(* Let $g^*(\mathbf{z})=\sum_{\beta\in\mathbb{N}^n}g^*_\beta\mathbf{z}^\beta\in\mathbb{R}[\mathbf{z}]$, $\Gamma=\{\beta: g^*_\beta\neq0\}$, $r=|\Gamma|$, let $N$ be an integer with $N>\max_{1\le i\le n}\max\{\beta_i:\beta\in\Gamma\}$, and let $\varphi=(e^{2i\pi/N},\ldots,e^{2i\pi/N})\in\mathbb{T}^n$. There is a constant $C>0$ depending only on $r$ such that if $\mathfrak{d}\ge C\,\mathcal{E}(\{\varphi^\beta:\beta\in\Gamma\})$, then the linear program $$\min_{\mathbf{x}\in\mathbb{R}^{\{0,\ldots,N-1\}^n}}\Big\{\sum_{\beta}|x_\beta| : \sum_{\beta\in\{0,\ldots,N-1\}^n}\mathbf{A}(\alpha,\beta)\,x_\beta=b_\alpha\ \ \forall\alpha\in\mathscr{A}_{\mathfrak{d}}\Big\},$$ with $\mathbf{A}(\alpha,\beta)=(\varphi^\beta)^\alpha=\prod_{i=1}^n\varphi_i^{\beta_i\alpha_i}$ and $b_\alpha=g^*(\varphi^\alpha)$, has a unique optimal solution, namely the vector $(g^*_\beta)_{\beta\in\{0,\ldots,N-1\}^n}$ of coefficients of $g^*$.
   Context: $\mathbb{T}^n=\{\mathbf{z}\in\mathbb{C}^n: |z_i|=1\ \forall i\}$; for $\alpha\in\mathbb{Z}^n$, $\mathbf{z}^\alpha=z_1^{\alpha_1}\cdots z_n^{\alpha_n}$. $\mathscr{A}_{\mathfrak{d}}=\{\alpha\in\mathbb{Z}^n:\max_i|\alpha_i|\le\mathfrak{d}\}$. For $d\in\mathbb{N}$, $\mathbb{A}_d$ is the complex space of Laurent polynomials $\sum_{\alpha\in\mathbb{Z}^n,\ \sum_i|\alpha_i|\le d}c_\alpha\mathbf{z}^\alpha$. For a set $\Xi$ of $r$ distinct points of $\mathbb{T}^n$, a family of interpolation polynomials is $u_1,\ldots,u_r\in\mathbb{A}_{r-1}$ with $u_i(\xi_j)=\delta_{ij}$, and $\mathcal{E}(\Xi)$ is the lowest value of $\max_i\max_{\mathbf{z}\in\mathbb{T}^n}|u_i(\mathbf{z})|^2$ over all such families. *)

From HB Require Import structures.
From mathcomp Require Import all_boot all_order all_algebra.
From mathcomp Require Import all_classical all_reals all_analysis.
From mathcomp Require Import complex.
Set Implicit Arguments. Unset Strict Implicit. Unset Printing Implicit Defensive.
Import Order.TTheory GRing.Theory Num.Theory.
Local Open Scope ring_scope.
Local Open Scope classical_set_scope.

What you need to do | Set down exactly, and only, the lines from the one containing "Set Implicit Arguments." to the final line of the data.

Task output |
Set Implicit Arguments. Unset Strict Implicit. Unset Printing Implicit Defensive.
Import Order.TTheory GRing.Theory Num.Theory.
Local Open Scope ring_scope.
Local Open Scope classical_set_scope.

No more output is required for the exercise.